(* Let $\gamma>1$, let $\bar\rho$ and $d$ be as in the context with $\phi$ sufficiently smooth, and let $i\ge1$ be an integer. Then for every sufficiently smooth $X:[0,1]\to\mathbb R$, $$\mathcal D_iL_0X=\mathcal L_i\mathcal D_iX+\sum_{j=0}^{i-1}q_{ij}\,\mathcal D_{i-j}X,\qquad q_{ij}=\sum_{k=1}^{2+j}\frac{\sum_{\ell=0}^{k}c_{ijk\ell}\,\partial_r^\ell d}{r^{2+j-k}},$$ for some functions $c_{ijk\ell}$ that are bounded on $[0,1]$.
   Context: $\phi\in C^k[0,1]$ with $\phi>0$ and $\phi'(0)=0$; $\bar\rho:=\phi$ and $d(r):=\bar\rho(r)^{-\gamma}\int_r^1\ell\bar\rho(\ell)\,d\ell$. $D_rf=r^{-2}\partial_r(r^2f)$; $\mathcal D_0=\mathrm{id}$, $\mathcal D_j=(\partial_rD_r)^{j/2}$ for $j$ even and $\mathcal D_j=D_r(\partial_rD_r)^{(j-1)/2}$ for $j$ odd. For $m\ge0$: $L_mf=\frac{1}{\bar\rho^{1+m(\gamma-1)}d^m}\partial_r\big(\bar\rho^{\gamma+m(\gamma-1)}d^{1+m}D_rf\big)$ and $L_m^*h=\frac{1}{\bar\rho^{1+m(\gamma-1)}d^m}D_r\big(\bar\rho^{\gamma+m(\gamma-1)}d^{1+m}\partial_rh\big)$. Then $\mathcal L_j\mathcal D_j:=L_j\mathcal D_j$ if $j$ is even and $\mathcal L_j\mathcal D_j:=L_j^*\mathcal D_j$ if $j$ is odd. *)

From Stdlib Require Import Reals.
From Coquelicot Require Import Coquelicot.
Open Scope R_scope.

(* A function in C^N[0,1] is represented by a C^N extension to R
   (every C^N[0,1] function has one); only values on [0,1] matter below. *)
Definition Ck (N : nat) (f : R -> R) : Prop :=
  (forall n x, (n <= N)%nat -> ex_derive_n f n x) /\
  (forall x, continuous (Derive_n f N) x).

Definition rhobar (phi : R -> R) : R -> R := phi.

Definition dfun (gamma : R) (phi : R -> R) (r : R) : R :=
  Rpower (rhobar phi r) (- gamma) * RInt (fun l => l * rhobar phi l) r 1.

Definition Dr (f : R -> R) : R -> R :=
  fun r => / (r ^ 2) * Derive (fun s => s ^ 2 * f s) r.

Definition dDr (f : R -> R) : R -> R := Derive (Dr f).

Definition calD (j : nat) (f : R -> R) : R -> R :=
  if Nat.even j then Nat.iter (Nat.div j 2) dDr f
  else Dr (Nat.iter (Nat.div (j - 1) 2) dDr f).

Definition Lm (m : nat) (gamma : R) (phi : R -> R) (f : R -> R) : R -> R :=
  fun r => / (Rpower (rhobar phi r) (1 + INR m * (gamma - 1)) * (dfun gamma phi r) ^ m)
    * Derive (fun s => Rpower (rhobar phi s) (gamma + INR m * (gamma - 1))
                        * (dfun gamma phi s) ^ (1 + m) * Dr f s) r.

Definition Lmstar (m : nat) (gamma : R) (phi : R -> R) (h : R -> R) : R -> R :=
  fun r => / (Rpower (rhobar phi r) (1 + INR m * (gamma - 1)) * (dfun gamma phi r) ^ m)
    * Dr (fun s => Rpower (rhobar phi s) (gamma + INR m * (gamma - 1))
                    * (dfun gamma phi s) ^ (1 + m) * Derive h s) r.

Definition calLD (j : nat) (gamma : R) (phi : R -> R) (f : R -> R) : R -> R :=
  if Nat.even j then Lm j gamma phi (calD j f) else Lmstar j gamma phi (calD j f).

Definition qij (c : nat -> nat -> nat -> nat -> R -> R) (gamma : R) (phi : R -> R)
  (i j : nat) (r : R) : R :=
  sum_n_m (fun k =>
      sum_n_m (fun l => c i j k l r * Derive_n (dfun gamma phi) l r) 0 k
      / r ^ (2 + j - k)) 1 (2 + j).

From Stdlib Require Import Reals Lra Lia.
From Coquelicot Require Import Coquelicot.
Open Scope R_scope.

(* Put I(r) = int_r^1 l phi(l) dl and w = I / phi.  Since
   rho^{1+m(gamma-1)} d^m = phi w^m, the operators take the first-order forms
       L_m f = v_m D_r f + w d_r D_r f,     L_m^* h = v_m d_r h + w D_r d_r h,
   with v_m = -r + m w'  (Lm_form, Lmstar_form).  Writing calD_{i+1} = next_op i calD_i
   (next_op = D_r after an even index, d_r after an odd one), these forms give
       next_op i (calL_i calD_i X) = calL_{i+1} calD_{i+1} X + (M_i / r) calD_{i+1} X
   with M_i = r v_i' +- 2 v_i  (next_op_calLD).  Induction on i then yields
       calD_i L_0 X = calL_i calD_i X + sum_{j<i} G_j / r^{j+1} calD_{i-j} X
   with each G_j smooth on a neighbourhood of [0,1]  (commutator_expansion).
   Finally G_j = c_0 d + c_1 d' with c_l = G_j d^{(l)} / (d^2 + d'^2), continuous
   and hence bounded on [0,1] because d > 0 on [0,1) and d'(1) < 0; these are the
   coefficients c_{ij1l} of q_ij, all others being zero. *)

Lemma locally_interval (a b x : R) : a < x < b -> locally x (fun t => a < t < b).
Proof.
  intros [Hax Hxb].
  assert (He : 0 < Rmin (x - a) (b - x)) by (apply Rmin_case; lra).
  exists (mkposreal _ He); intros t Ht.
  change (Rabs (t - x) < Rmin (x - a) (b - x)) in Ht.
  apply Rabs_lt_between in Ht.
  pose proof (Rmin_l (x - a) (b - x)); pose proof (Rmin_r (x - a) (b - x)); lra.
Qed.

Lemma locally_interval_eq (a b x : R) (f g : R -> R) :
  a < x < b -> (forall t, a < t < b -> f t = g t) -> locally x (fun t => f t = g t).
Proof.
  intros Hx E. generalize (locally_interval a b x Hx); apply filter_imp; auto.
Qed.

Lemma continuous_inv_pt (f : R -> R) x :
  continuous f x -> f x <> 0 -> continuous (fun y => / f y) x.
Proof.
  intros Hf Hn. apply (continuous_comp f Rinv); auto.
  apply continuity_pt_filterlim, continuity_pt_inv; auto.
  apply derivable_continuous_pt, derivable_pt_id.
Qed.

(* Real-valued specialisations, convenient for higher-order unification. *)
Lemma continuous_plus_R (f g : R -> R) x : continuous f x -> continuous g x ->
  continuous (fun y => f y + g y) x.
Proof. intros; apply (continuous_plus f g); auto. Qed.

Lemma continuous_mult_R (f g : R -> R) x : continuous f x -> continuous g x ->
  continuous (fun y => f y * g y) x.
Proof. intros; apply (continuous_mult f g); auto. Qed.

Lemma ex_derive_continuous_R (f : R -> R) x : ex_derive f x -> continuous f x.
Proof. apply (ex_derive_continuous (K := R_AbsRing) (V := R_NormedModule)). Qed.

Fixpoint smooth_on (a b : R) (k : nat) (f : R -> R) : Prop :=
  match k with
  | O => forall x, a < x < b -> continuous f x
  | S k => (forall x, a < x < b -> ex_derive f x) /\ smooth_on a b k (Derive f)
  end.

Section Smoothness.
Variables a b : R.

PROBLEM STATEMENT: Type out all of the records again, exactly.

SOLUTION:
(* Let $\gamma>1$, let $\bar\rho$ and $d$ be as in the context with $\phi$ sufficiently smooth, and let $i\ge1$ be an integer. Then for every sufficiently smooth $X:[0,1]\to\mathbb R$, $$\mathcal D_iL_0X=\mathcal L_i\mathcal D_iX+\sum_{j=0}^{i-1}q_{ij}\,\mathcal D_{i-j}X,\qquad q_{ij}=\sum_{k=1}^{2+j}\frac{\sum_{\ell=0}^{k}c_{ijk\ell}\,\partial_r^\ell d}{r^{2+j-k}},$$ for some functions $c_{ijk\ell}$ that are bounded on $[0,1]$.
   Context: $\phi\in C^k[0,1]$ with $\phi>0$ and $\phi'(0)=0$; $\bar\rho:=\phi$ and $d(r):=\bar\rho(r)^{-\gamma}\int_r^1\ell\bar\rho(\ell)\,d\ell$. $D_rf=r^{-2}\partial_r(r^2f)$; $\mathcal D_0=\mathrm{id}$, $\mathcal D_j=(\partial_rD_r)^{j/2}$ for $j$ even and $\mathcal D_j=D_r(\partial_rD_r)^{(j-1)/2}$ for $j$ odd. For $m\ge0$: $L_mf=\frac{1}{\bar\rho^{1+m(\gamma-1)}d^m}\partial_r\big(\bar\rho^{\gamma+m(\gamma-1)}d^{1+m}D_rf\big)$ and $L_m^*h=\frac{1}{\bar\rho^{1+m(\gamma-1)}d^m}D_r\big(\bar\rho^{\gamma+m(\gamma-1)}d^{1+m}\partial_rh\big)$. Then $\mathcal L_j\mathcal D_j:=L_j\mathcal D_j$ if $j$ is even and $\mathcal L_j\mathcal D_j:=L_j^*\mathcal D_j$ if $j$ is odd. *)

From Stdlib Require Import Reals.
From Coquelicot Require Import Coquelicot.
Open Scope R_scope.

(* A function in C^N[0,1] is represented by a C^N extension to R
   (every C^N[0,1] function has one); only values on [0,1] matter below. *)
Definition Ck (N : nat) (f : R -> R) : Prop :=
  (forall n x, (n <= N)%nat -> ex_derive_n f n x) /\
  (forall x, continuous (Derive_n f N) x).

Definition rhobar (phi : R -> R) : R -> R := phi.

Definition dfun (gamma : R) (phi : R -> R) (r : R) : R :=
  Rpower (rhobar phi r) (- gamma) * RInt (fun l => l * rhobar phi l) r 1.

Definition Dr (f : R -> R) : R -> R :=
  fun r => / (r ^ 2) * Derive (fun s => s ^ 2 * f s) r.

Definition dDr (f : R -> R) : R -> R := Derive (Dr f).

Definition calD (j : nat) (f : R -> R) : R -> R :=
  if Nat.even j then Nat.iter (Nat.div j 2) dDr f
  else Dr (Nat.iter (Nat.div (j - 1) 2) dDr f).

Definition Lm (m : nat) (gamma : R) (phi : R -> R) (f : R -> R) : R -> R :=
  fun r => / (Rpower (rhobar phi r) (1 + INR m * (gamma - 1)) * (dfun gamma phi r) ^ m)
    * Derive (fun s => Rpower (rhobar phi s) (gamma + INR m * (gamma - 1))
                        * (dfun gamma phi s) ^ (1 + m) * Dr f s) r.

Definition Lmstar (m : nat) (gamma : R) (phi : R -> R) (h : R -> R) : R -> R :=
  fun r => / (Rpower (rhobar phi r) (1 + INR m * (gamma - 1)) * (dfun gamma phi r) ^ m)
    * Dr (fun s => Rpower (rhobar phi s) (gamma + INR m * (gamma - 1))
                    * (dfun gamma phi s) ^ (1 + m) * Derive h s) r.

Definition calLD (j : nat) (gamma : R) (phi : R -> R) (f : R -> R) : R -> R :=
  if Nat.even j then Lm j gamma phi (calD j f) else Lmstar j gamma phi (calD j f).

Definition qij (c : nat -> nat -> nat -> nat -> R -> R) (gamma : R) (phi : R -> R)
  (i j : nat) (r : R) : R :=
  sum_n_m (fun k =>
      sum_n_m (fun l => c i j k l r * Derive_n (dfun gamma phi) l r) 0 k
      / r ^ (2 + j - k)) 1 (2 + j).

From Stdlib Require Import Reals Lra Lia.
From Coquelicot Require Import Coquelicot.
Open Scope R_scope.

(* Put I(r) = int_r^1 l phi(l) dl and w = I / phi.  Since
   rho^{1+m(gamma-1)} d^m = phi w^m, the operators take the first-order forms
       L_m f = v_m D_r f + w d_r D_r f,     L_m^* h = v_m d_r h + w D_r d_r h,
   with v_m = -r + m w'  (Lm_form, Lmstar_form).  Writing calD_{i+1} = next_op i calD_i
   (next_op = D_r after an even index, d_r after an odd one), these forms give
       next_op i (calL_i calD_i X) = calL_{i+1} calD_{i+1} X + (M_i / r) calD_{i+1} X
   with M_i = r v_i' +- 2 v_i  (next_op_calLD).  Induction on i then yields
       calD_i L_0 X = calL_i calD_i X + sum_{j<i} G_j / r^{j+1} calD_{i-j} X
   with each G_j smooth on a neighbourhood of [0,1]  (commutator_expansion).
   Finally G_j = c_0 d + c_1 d' with c_l = G_j d^{(l)} / (d^2 + d'^2), continuous
   and hence bounded on [0,1] because d > 0 on [0,1) and d'(1) < 0; these are the
   coefficients c_{ij1l} of q_ij, all others being zero. *)

Lemma locally_interval (a b x : R) : a < x < b -> locally x (fun t => a < t < b).
Proof.
  intros [Hax Hxb].
  assert (He : 0 < Rmin (x - a) (b - x)) by (apply Rmin_case; lra).
  exists (mkposreal _ He); intros t Ht.
  change (Rabs (t - x) < Rmin (x - a) (b - x)) in Ht.
  apply Rabs_lt_between in Ht.
  pose proof (Rmin_l (x - a) (b - x)); pose proof (Rmin_r (x - a) (b - x)); lra.
Qed.

Lemma locally_interval_eq (a b x : R) (f g : R -> R) :
  a < x < b -> (forall t, a < t < b -> f t = g t) -> locally x (fun t => f t = g t).
Proof.
  intros Hx E. generalize (locally_interval a b x Hx); apply filter_imp; auto.
Qed.

Lemma continuous_inv_pt (f : R -> R) x :
  continuous f x -> f x <> 0 -> continuous (fun y => / f y) x.
Proof.
  intros Hf Hn. apply (continuous_comp f Rinv); auto.
  apply continuity_pt_filterlim, continuity_pt_inv; auto.
  apply derivable_continuous_pt, derivable_pt_id.
Qed.

(* Real-valued specialisations, convenient for higher-order unification. *)
Lemma continuous_plus_R (f g : R -> R) x : continuous f x -> continuous g x ->
  continuous (fun y => f y + g y) x.
Proof. intros; apply (continuous_plus f g); auto. Qed.

Lemma continuous_mult_R (f g : R -> R) x : continuous f x -> continuous g x ->
  continuous (fun y => f y * g y) x.
Proof. intros; apply (continuous_mult f g); auto. Qed.

Lemma ex_derive_continuous_R (f : R -> R) x : ex_derive f x -> continuous f x.
Proof. apply (ex_derive_continuous (K := R_AbsRing) (V := R_NormedModule)). Qed.

Fixpoint smooth_on (a b : R) (k : nat) (f : R -> R) : Prop :=
  match k with
  | O => forall x, a < x < b -> continuous f x
  | S k => (forall x, a < x < b -> ex_derive f x) /\ smooth_on a b k (Derive f)
  end.

Section Smoothness.
Variables a b : R.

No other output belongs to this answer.